Better known for his power on the skis than his shooting prowess, having started out as a cross-country skier, the USSR’s Vladimir Melanin was the favourite for gold at Innsbruck 1964. Crowned biathlon’s second world champion in Courmayeur (ITA) in 1959, Melanin was let down by his riflework at Squaw Valley 1960 and finished just out of the medals. In a sign of things to come, however, he took the world title again in Hämeennlinna (FIN) in 1962 and retained in on the Olympic course at Seefeld a year later.

Vastly improved with the rifle, Melanin lived up to his pre-race billing by setting a searing pace on the skis and going clear in all four shooting rounds, eventually taking gold by more than three minutes from compatriot Alexander Privalov, who also shot clear. Melanin’s margin of victory remains the largest in Olympic biathlon history. Norway’s Olav Jordet would have claimed silver but for missing his fourth standing shot and had to settle for bronze, more than four minutes adrift of Melanin.

The fastest skier on the course was none other than three-time Olympic cross country skiing champion and seven-time medallist Veikko Hakulinen of Finland, who made light of his 39 years to complete the course in 1:19:37.9. Sadly for him, however, he incurred 12 minutes in penalties and could finish no higher than 15th.

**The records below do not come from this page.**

Lemma integral_line_proj_diag i j :
  (\int[P]_w (line_proj (fun k => beta k w) i i)%:E =
   \int[P]_w (line_proj (fun k => beta k w) j j)%:E)%E.
Proof.
have := integral_line_proj_signed_perm (fun _ => false) (tperm i j) i i.
by rewrite tpermL mul1e => <-.
Qed.

Lemma integral_mxtrace_line_proj : exists2 e : R, 0 <= e & forall G : 'M[R]_n,
  (\int[P]_w (\tr (line_proj (fun k => beta k w) *m G))%:E = (e * \tr G)%:E)%E.
Proof.
have [e e0 Ediag] : exists2 e : R, 0 <= e &
    forall i, (\int[P]_w (line_proj (fun k => beta k w) i i)%:E = e%:E)%E.
  case: (pickP 'I_n) => [i0 _|none]; last by exists 0 => // i; have := none i.
  exists (fine (\int[P]_w (line_proj (fun k => beta k w) i0 i0)%:E)%E).
    apply: fine_ge0; apply: integral_ge0 => w _; rewrite lee_fin mxE.
    by rewrite mulr_ge0 ?invr_ge0 -?expr2 ?sqr_ge0 ?sumr_ge0 // => k _; rewrite sqr_ge0.
  move=> i; rewrite (integral_line_proj_diag i i0) fineK //.
  by have := integrable_fin_num measurableT (integrable_line_proj i0 i0).
have intG (G : 'M[R]_n) i j : P.-integrable setT
    (fun w => (G j i)%:E * (line_proj (fun k => beta k w) i j)%:E)%E.
  exact: integrableZl (integrable_line_proj i j).
exists e => // G.
transitivity (\int[P]_w (\sum_i \sum_j
    (G j i)%:E * (line_proj (fun k => beta k w) i j)%:E))%E.
  apply: eq_integral => w _; rewrite /mxtrace -sumEFin; apply: eq_bigr => i _.
  by rewrite mxE -sumEFin; apply: eq_bigr => j _; rewrite mulrC EFinM.
rewrite (integral_sum measurableT); last first.
  by move=> i; apply: integrable_sum => // j _; exact: intG.
transitivity (\sum_i (G i i * e)%:E)%E.
  apply: eq_bigr => i _; rewrite (integral_sum measurableT); last exact: intG.
  rewrite (bigD1 i) //= big1 ?adde0.
    by rewrite integralZl ?Ediag // integrable_line_proj.
  move=> j ji; rewrite integralZl ?integral_line_proj_offdiag ?mule0 //.
    by rewrite eq_sym.
  exact: integrable_line_proj.
by rewrite sumEFin mulr_sumr /mxtrace; congr EFin; apply: eq_bigr => i _; rewrite mulrC.
Qed.

End SignedPermutationInvariance.

Lemma expected_KAE (R : realType) n (dT : measure_display) (Omega : measurableType dT)
    (P : probability Omega R) (beta : 'I_n -> {RV P >-> R}) (mu : set R -> \bar R) :
  mutually_independent beta ->
  (forall i A, measurable A -> distribution P (beta i) A = mu A) ->
  (forall A : set R, measurable A -> mu (-%R @^-1` A) = mu A) ->
  exists2 e : R, 0 <= e & forall m N (X : 'M[R]_(n, m)) W (W2 : 'M[R]_(1, N)),
    X *m X^T = 1%:M ->
    expected_KA beta X W W2 = (e * (n%:R + 1) * \tr (ntk_core W W2) /
                               (Num.sqrt (n%:R + 3) * frob (ntk_core W W2)))%:E.
Proof.
move=> indep law sym; have [e e0 Etr] := integral_mxtrace_line_proj indep law sym.
exists e => // m N X W W2 XX; set C := ntk_core W W2.
set D := Num.sqrt (n%:R + 3) * frob C.
transitivity (\int[P]_w (\tr (line_proj (fun k => beta k w) *m
                         (D^-1 *: (C + (\tr C)%:M))))%:E)%E.
  apply: eq_integral => w _; rewrite KA_Kf_K0 // -scalemxAr mxtraceZ mulrC.
  rewrite (_ : (fun k => betavec beta w k 0) = (fun k => beta k w)) //.
  by apply/funext => k; rewrite mxE.
rewrite Etr mxtraceZ mxtraceD mxtrace_scalar -mulr_natl; congr EFin; ring.
Qed.

Lemma normal_prob0_oppr (R : realType) (s : R) (A : set R) : s != 0 -> measurable A ->
  normal_prob 0 s (-%R @^-1` A) = normal_prob 0 s A.
Proof.
move=> s0 mA; rewrite /normal_prob.
have mopp : measurable_fun [set: measurableTypeR R] (-%R : R -> measurableTypeR R).
  exact: measurable_realfun.measurable_funN.
transitivity (\int[lebesgue_measure]_(x in (-%R) @^-1` A)
   (((fun y => (normal_pdf 0 s y)%:E) \o -%R) x))%E.
  apply: eq_integral => x _ /=; congr EFin.
  by rewrite /normal_pdf (negbTE s0) /normal_fun !subr0 sqrrN.
rewrite -(ge0_integral_pushforward mopp lebesgue_measure mA) //.
- by apply: eq_measure_integral => B mB _; exact: lebesgue_measureN.
- apply/measurable_realfun.measurable_EFinP.
  exact: measurable_funS (measurable_normal_pdf 0 s).
- by move=> y _; rewrite lee_fin normal_pdf_ge0.
Qed.

Section Isotropic.
Variables (R : realType) (N d : nat) (sigma : R).

Lemma gram_isotropic (W : 'M[R]_(N, d)) :
  isotropic sigma W -> W^T *m W = (sigma ^+ 2 / d%:R)%:M.
Proof.
case=> s [[_ [U [V [UU [VV ->]]]]] hs].
have DD : diag_mx s *m diag_mx s = (sigma ^+ 2 / d%:R)%:M.
  apply/matrixP => i j; rewrite mul_diag_mx !mxE.
  by case: eqVneq => [->|_]; rewrite ?mulr0n ?mulr0 // !mulr1n -expr2 hs.
rewrite !trmx_mul trmxK tr_diag_mx !mulmxA -(mulmxA _ _ U) UU mulmx1 -(mulmxA V) DD.
by rewrite mul_mx_scalar -scalemxAl mulmx1C ?scalemx1 //.
Qed.

Lemma mxtrace_ntk_core (W : 'M[R]_(N, d)) (W2 : 'M[R]_(1, N)) :
  \tr (ntk_core W W2) = frob W ^+ 2 + d%:R * frob W2 ^+ 2.
Proof. by rewrite mxtraceD mxtrace_gram mxtrace_scalar mulr_natl. Qed.

Lemma ntk_core_isotropic (W : 'M[R]_(N, d)) (W2 : 'M[R]_(1, N)) :
  isotropic sigma W -> ntk_core W W2 = (sigma ^+ 2 / d%:R + frob W2 ^+ 2)%:M.
Proof. by move=> iso; rewrite /ntk_core (gram_isotropic iso) -raddfD. Qed.

Lemma frob_ntk_core_isotropic_le (W Wiso : 'M[R]_(N, d)) (W2 : 'M[R]_(1, N)) :
  (0 < d)%N -> frob W = sigma -> isotropic sigma Wiso ->
  frob (ntk_core Wiso W2) <= frob (ntk_core W W2).
Proof.
move=> d_gt0 fW iso; rewrite (ntk_core_isotropic _ iso); apply: frob_scalar_mx_le.
by rewrite mxtrace_ntk_core fW mulrDr [d%:R * (_ / _)]mulrC divfK // pnatr_eq0 -lt0n.
Qed.

Lemma frob_ntk_core_isotropic_gt0 (W : 'M[R]_(N, d)) (W2 : 'M[R]_(1, N)) :
  (0 < d)%N -> 0 < sigma -> isotropic sigma W -> 0 < frob (ntk_core W W2).
Proof.
move=> d_gt0 sigma_gt0 iso.
rewrite (ntk_core_isotropic _ iso) frob_scalar_mx_gt0 // gt_eqF // ltr_wpDr ?sqr_ge0 //.
by rewrite divr_gt0 ?exprn_gt0 ?ltr0n.
Qed.

End Isotropic.

Theorem theorem1 (R : realType) (d N m : nat)
  (dT : measure_display) (Omega : measurableType dT) (P : probability Omega R)
  (beta : 'I_d -> {RV P >-> R}) (X : 'M[R]_(d, m)) (sigma : R)
  (W2 : 'M[R]_(1, N)) :
  (0 < d)%N -> (0 < N)%N -> (0 < m)%N -> (d <= m)%N -> (d <= N)%N ->
  X *m X^T = 1%:M ->
  iid_gaussian beta (d%:R)^-1 ->
  0 < sigma ->
  frob W2 = sigma ->
  forall W1 W1iso : 'M[R]_(N, d),
    frob W1 = sigma -> frob W1iso = sigma -> isotropic sigma W1iso ->
    (expected_KA beta X W1 W2 <= expected_KA beta X W1iso W2)%E.
Proof.
move=> d_gt0 _ _ _ _ XX [indep law] sigma_gt0 _ W1 Wiso fW1 fWiso iso.
have s_neq0 : Num.sqrt (d%:R^-1) != 0 :> R by rewrite gt_eqF // sqrtr_gt0 invr_gt0 ltr0n.
have [e e_ge0 EKA] := expected_KAE indep law (fun A => @normal_prob0_oppr R _ A s_neq0).
have tr_eq : \tr (ntk_core W1 W2) = \tr (ntk_core Wiso W2).
  by rewrite !mxtrace_ntk_core fW1 fWiso.
have tr_ge0 : 0 <= \tr (ntk_core Wiso W2).
  by rewrite mxtrace_ntk_core addr_ge0 ?sqr_ge0 // mulr_ge0 ?sqr_ge0.
have frob_gt0 := frob_ntk_core_isotropic_gt0 W2 d_gt0 sigma_gt0 iso.
have frob_le := frob_ntk_core_isotropic_le W2 d_gt0 fW1 iso.
have sqrt_gt0 : 0 < Num.sqrt (d%:R + 3) :> R by rewrite sqrtr_gt0 addr_gt0 ?ltr0n.
rewrite !EKA // lee_fin tr_eq ler_wpM2l ?mulr_ge0 ?addr_ge0 //.
by rewrite lef_pV2 ?posrE ?mulr_gt0 ?ler_pM2l //; exact: lt_le_trans frob_le.
Qed.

Melanin followed up his gold medal in Innsbruck with a team silver at the 1965 world championships in Elverum (NOR). After winning the Soviet title the following year, he retired and moved into coaching, later opening a biathlon and cross country skiing complex in his home region of Kirov. Following his death on 10 August 1994, he was posthumously awarded the Prix d’Honneur by the International Biathlon Union.